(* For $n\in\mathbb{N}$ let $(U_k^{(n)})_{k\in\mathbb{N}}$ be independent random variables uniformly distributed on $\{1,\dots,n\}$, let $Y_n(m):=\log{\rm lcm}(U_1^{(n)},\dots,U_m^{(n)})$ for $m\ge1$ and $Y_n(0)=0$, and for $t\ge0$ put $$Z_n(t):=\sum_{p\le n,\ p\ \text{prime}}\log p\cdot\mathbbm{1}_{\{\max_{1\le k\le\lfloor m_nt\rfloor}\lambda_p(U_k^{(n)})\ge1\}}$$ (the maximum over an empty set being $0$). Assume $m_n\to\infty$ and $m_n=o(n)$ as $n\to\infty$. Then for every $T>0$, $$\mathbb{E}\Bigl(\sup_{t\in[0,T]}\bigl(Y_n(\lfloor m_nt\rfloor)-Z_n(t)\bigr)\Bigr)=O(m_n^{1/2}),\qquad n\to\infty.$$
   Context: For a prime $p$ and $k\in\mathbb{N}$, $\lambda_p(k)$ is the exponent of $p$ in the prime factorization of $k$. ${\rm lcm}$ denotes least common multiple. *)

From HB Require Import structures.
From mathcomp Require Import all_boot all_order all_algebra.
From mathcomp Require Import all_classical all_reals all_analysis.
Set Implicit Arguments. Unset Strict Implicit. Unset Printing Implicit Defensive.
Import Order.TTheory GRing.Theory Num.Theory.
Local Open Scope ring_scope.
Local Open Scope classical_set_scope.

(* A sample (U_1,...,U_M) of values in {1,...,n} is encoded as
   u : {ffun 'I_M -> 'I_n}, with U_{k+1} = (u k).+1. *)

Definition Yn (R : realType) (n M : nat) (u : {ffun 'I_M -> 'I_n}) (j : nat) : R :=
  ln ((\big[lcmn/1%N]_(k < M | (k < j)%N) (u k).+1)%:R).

◆ **EXERCISE AIM**
Starting at the line that contains "(* A sample", copy each line through the last one in the records, exactly, and output nothing else.

◆ **SOLUTION TO THIS PROBLEM**
(* A sample (U_1,...,U_M) of values in {1,...,n} is encoded as
   u : {ffun 'I_M -> 'I_n}, with U_{k+1} = (u k).+1. *)

Definition Yn (R : realType) (n M : nat) (u : {ffun 'I_M -> 'I_n}) (j : nat) : R :=
  ln ((\big[lcmn/1%N]_(k < M | (k < j)%N) (u k).+1)%:R).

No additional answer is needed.